(* Let $\mathcal{X}=\mathbb{R}^3$ with the Euclidean topology, partially ordered by the cone $\mathbb{R}^3_+$. There exist a set $\mathcal{A}\subset\mathbb{R}^3$, a linear subspace $\mathcal{M}\subset\mathbb{R}^3$ and a linear functional $\pi:\mathcal{M}\to\mathbb{R}$ such that $(\mathcal{A},\mathcal{M},\pi)$ is admissible (in the sense defined in the context) and the optimal set mapping $E:\mathbb{R}^3\rightrightarrows\mathcal{M}$ admits no continuous selection; more precisely, there is a point $x_0\in\mathbb{R}^3$ such that no map $s:\mathbb{R}^3\to\mathcal{M}$ with $s(x)\in E(x)$ for all $x\in\mathbb{R}^3$ is continuous at $x_0$.
   Context: Given a set $\mathcal{A}\subset\mathbb{R}^3$ (acceptable positions), a linear subspace $\mathcal{M}\subset\mathbb{R}^3$ (payoffs, with the relative topology) and a linear functional $\pi:\mathcal{M}\to\mathbb{R}$ (price), define the risk measure $\rho:\mathbb{R}^3\to[-\infty,+\infty]$ by $\rho(x)=\inf\{\pi(z)\,;\ z\in\mathcal{M},\ z+x\in\mathcal{A}\}$ and the optimal set mapping $E:\mathbb{R}^3\rightrightarrows\mathcal{M}$ by $E(x)=\{z\in\mathcal{M}\,;\ z+x\in\mathcal{A},\ \pi(z)=\rho(x)\}$. The triple $(\mathcal{A},\mathcal{M},\pi)$ is called admissible if: (R1) $\mathcal{A}$ is closed, convex, contains $0$, and is monotone: $x\in\mathcal{A}$ and $y-x\in\mathbb{R}^3_+$ imply $y\in\mathcal{A}$; (R2) there is no arbitrage: every $z\in\mathcal{M}\cap\mathbb{R}^3_+$ with $z\neq0$ satisfies $\pi(z)>0$; (R3) $\rho$ is finite-valued and continuous on $\mathbb{R}^3$. *)

(* R^3 is modelled as the Coquelicot product
   space (R * R * R), whose uniform structure is the product (= Euclidean)
   topology, and whose module operations are componentwise. *)
From Stdlib Require Import Reals.
From Coquelicot Require Import Coquelicot.
Open Scope R_scope.

Definition R3 : Type := (R * R * R)%type.

Definition c1 (x : R3) : R := fst (fst x).
Definition c2 (x : R3) : R := snd (fst x).
Definition c3 (x : R3) : R := snd x.

Definition nonneg3 (x : R3) : Prop := 0 <= c1 x /\ 0 <= c2 x /\ 0 <= c3 x.

Definition convex3 (A : R3 -> Prop) : Prop :=
  forall x y (t : R), A x -> A y -> 0 <= t <= 1 ->
    A (plus (scal t x) (scal (1 - t) y)).

Definition acc_set (A : R3 -> Prop) : Prop :=
  closed A /\ convex3 A /\ A zero /\
  (forall x y : R3, A x -> nonneg3 (minus y x) -> A y).

Definition lin_subspace (M : R3 -> Prop) : Prop :=
  M zero /\ (forall x y, M x -> M y -> M (plus x y)) /\
  (forall (a : R) x, M x -> M (scal a x)).

(* pi is a linear functional on M (its values outside M are irrelevant) *)
Definition lin_functional (M : R3 -> Prop) (pi : R3 -> R) : Prop :=
  (forall x y, M x -> M y -> pi (plus x y) = pi x + pi y) /\
  (forall (a : R) x, M x -> pi (scal a x) = a * pi x).

Definition rho (A M : R3 -> Prop) (pi : R3 -> R) (x : R3) : Rbar :=
  Glb_Rbar (fun r => exists z, M z /\ A (plus z x) /\ r = pi z).

Definition Eopt (A M : R3 -> Prop) (pi : R3 -> R) (x z : R3) : Prop :=
  M z /\ A (plus z x) /\ Finite (pi z) = rho A M pi x.

Definition no_arbitrage (M : R3 -> Prop) (pi : R3 -> R) : Prop :=
  forall z, M z -> nonneg3 z -> z <> zero -> pi z > 0.

Definition rho_finite_continuous (A M : R3 -> Prop) (pi : R3 -> R) : Prop :=
  (forall x, is_finite (rho A M pi x)) /\
  (forall x, continuous (fun y => real (rho A M pi y)) x).

Definition admissible (A M : R3 -> Prop) (pi : R3 -> R) : Prop :=
  acc_set A /\ no_arbitrage M pi /\ rho_finite_continuous A M pi.

(* Payoffs are the z with z3 = 0, priced at z1 + z2.  The acceptance set is
   cut out by the convex cost (p, t) |-> |(1 + p, t^+)| + |(1 - p, t^-)| of the
   spread p = y1 - y2 (Euclidean norms in the plane).  By the triangle
   inequality its minimum over p is |(2, |t|)| = sqrt (4 + t^2), so rho is an
   explicit continuous function; but for t <> 0 the minimizer is unique and
   equals the sign of t.  Hence along x = (0, 0, t) every optimal payoff has a
   spread that jumps from -1 to 1 as t crosses 0, and no selection of the
   optimal set mapping is continuous at the origin. *)

From Pilot Require Import Defs.
From Stdlib Require Import Reals Lra Psatz.
From Coquelicot Require Import Coquelicot.
Import Pilot.Defs. (* Coquelicot shadows the coordinates c1, c2, c3 *)
Open Scope R_scope.

Definition hypot (a b : R) : R := sqrt (a * a + b * b).

Lemma hypot_ge0 a b : 0 <= hypot a b.
Proof. apply sqrt_pos. Qed.

Lemma hypot_sqr a b : hypot a b * hypot a b = a * a + b * b.
Proof. apply sqrt_sqrt; nra. Qed.

Lemma hypot_norm a b : hypot a b = norm ((a, b) : R * R).
Proof.
  unfold hypot. change (norm _) with (sqrt (Rabs a ^ 2 + Rabs b ^ 2)).
  rewrite !pow2_abs. f_equal; ring.
Qed.

Lemma hypot_0_r a : hypot a 0 = Rabs a.
Proof. unfold hypot. rewrite Rmult_0_l, Rplus_0_r. apply sqrt_Rsqr_abs. Qed.

Lemma hypot_0_l b : hypot 0 b = Rabs b.
Proof. unfold hypot. rewrite Rmult_0_l, Rplus_0_l. apply sqrt_Rsqr_abs. Qed.

Lemma hypot_triangle a b a' b' : hypot (a + a') (b + b') <= hypot a b + hypot a' b'.
Proof. rewrite !hypot_norm. apply (norm_triangle (a, b) (a', b')). Qed.

Lemma hypot_scal k a b : 0 <= k -> hypot (k * a) (k * b) = k * hypot a b.
Proof.
  intros Hk. unfold hypot.
  replace (k * a * (k * a) + k * b * (k * b)) with (k * k * (a * a + b * b)) by ring.
  rewrite sqrt_mult, sqrt_square by nra. reflexivity.
Qed.

Lemma hypot_convex l a b a' b' : 0 <= l <= 1 ->
  hypot (l * a + (1 - l) * a') (l * b + (1 - l) * b') <= l * hypot a b + (1 - l) * hypot a' b'.
Proof.
  intros Hl. rewrite <- (hypot_scal l), <- (hypot_scal (1 - l)) by lra.
  apply hypot_triangle.
Qed.

Lemma hypot_le_r a b b' : 0 <= b <= b' -> hypot a b <= hypot a b'.
Proof. intros Hb. apply sqrt_le_1_alt. nra. Qed.

Lemma hypot_lipschitz a b a' b' : hypot a' b' <= hypot a b + Rabs (a' - a) + Rabs (b' - b).
Proof.
  replace a' with (a + ((a' - a) + 0)) at 1 by ring.
  replace b' with (b + (0 + (b' - b))) at 1 by ring.
  pose proof (hypot_triangle a b (a' - a + 0) (0 + (b' - b))).
  pose proof (hypot_triangle (a' - a) 0 0 (b' - b)).
  rewrite hypot_0_r, hypot_0_l in *. lra.
Qed.

(* The vectors (a, t) and (b, 0) are never positively parallel when t <> 0
   and b <> 0, so the triangle inequality between them is strict. *)
Lemma hypot_triangle_eq_axis a b t :
  t <> 0 -> hypot a t + Rabs b <= hypot (a + b) t -> b = 0.
Proof.
  intros Ht H.
  pose proof (hypot_sqr a t). pose proof (hypot_sqr (a + b) t).
  pose proof (hypot_ge0 a t). pose proof (Rabs_pos b). pose proof (Rabs_pos a).
  assert (Hb2 : Rabs b * Rabs b = b * b) by (rewrite <- Rabs_mult; apply Rabs_right; nra).
  assert (Ha2 : Rabs a * Rabs a = a * a) by (rewrite <- Rabs_mult; apply Rabs_right; nra).
  assert (Hab : a * b <= Rabs a * Rabs b) by (rewrite <- Rabs_mult; apply Rle_abs).
  assert (Hsq : hypot a t * Rabs b <= a * b) by nra.
  assert (Hlt : Rabs a < hypot a t).
  { assert (0 < t * t) by (destruct (Rlt_dec t 0); nra). nra. }
  apply Rabs_eq_0. nra.
Qed.

Definition ppart (t : R) : R := (t + Rabs t) / 2.
Definition npart (t : R) : R := (Rabs t - t) / 2.

Lemma ppart_ge0 t : 0 <= ppart t.
Proof. unfold ppart, Rabs; destruct Rcase_abs; lra. Qed.

Lemma npart_ge0 t : 0 <= npart t.
Proof. unfold npart, Rabs; destruct Rcase_abs; lra. Qed.

Lemma ppart_add_npart t : ppart t + npart t = Rabs t.
Proof. unfold ppart, npart; lra. Qed.

Lemma ppart_opp t : ppart (- t) = npart t.
Proof. unfold ppart, npart. rewrite Rabs_Ropp. lra. Qed.

Lemma npart_opp t : npart (- t) = ppart t.
Proof. unfold ppart, npart. rewrite Rabs_Ropp. lra. Qed.

Lemma ppart_npart_nonneg t : 0 <= t -> ppart t = t /\ npart t = 0.
Proof. intros Ht. unfold ppart, npart. rewrite Rabs_right by lra. lra. Qed.

Lemma ppart_convex l t t' : 0 <= l <= 1 ->
  ppart (l * t + (1 - l) * t') <= l * ppart t + (1 - l) * ppart t'.
Proof.
  intros Hl. unfold ppart.
  pose proof (Rabs_triang (l * t) ((1 - l) * t')) as H.
  rewrite !Rabs_mult, (Rabs_right l), (Rabs_right (1 - l)) in H by lra. lra.
Qed.

Lemma npart_convex l t t' : 0 <= l <= 1 ->
  npart (l * t + (1 - l) * t') <= l * npart t + (1 - l) * npart t'.
Proof.
  intros Hl. rewrite <- !ppart_opp.
  replace (- (l * t + (1 - l) * t')) with (l * - t + (1 - l) * - t') by ring.
  now apply ppart_convex.
Qed.

Lemma ppart_npart_variation t t' : t <= t' ->
  Rabs (ppart t' - ppart t) + Rabs (npart t' - npart t) = t' - t.
Proof.
  intros H. unfold ppart, npart.
  destruct (Rle_dec 0 t), (Rle_dec 0 t');
    rewrite ?(Rabs_right t), ?(Rabs_left t), ?(Rabs_right t'), ?(Rabs_left t') by lra;
    unfold Rabs; repeat destruct Rcase_abs; lra.
Qed.

Definition cost (p t : R) : R := hypot (1 + p) (ppart t) + hypot (1 - p) (npart t).

(* At t = 0 every p in [-1, 1] is a minimizer; the choice p = 1 is arbitrary. *)
Definition cost_argmin (t : R) : R := if Rle_dec 0 t then 1 else -1.

Lemma cost_opp p t : cost (- p) (- t) = cost p t.
Proof.
  unfold cost. rewrite ppart_opp, npart_opp.
  replace (1 + - p) with (1 - p) by ring. replace (1 - - p) with (1 + p) by ring.
  apply Rplus_comm.
Qed.

Lemma cost_ge p t : sqrt (4 + t * t) <= cost p t.
Proof.
  replace (sqrt (4 + t * t)) with (hypot ((1 + p) + (1 - p)) (ppart t + npart t)).
  - apply hypot_triangle.
  - unfold hypot. rewrite ppart_add_npart, <- Rabs_mult, Rabs_right by nra.
    f_equal; ring.
Qed.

----

WORK ORDER: Identify the lines of the data that contain the word "minimizer". Copy each of them.

TASK SOLUTION:
   explicit continuous function; but for t <> 0 the minimizer is unique and
(* At t = 0 every p in [-1, 1] is a minimizer; the choice p = 1 is arbitrary. *)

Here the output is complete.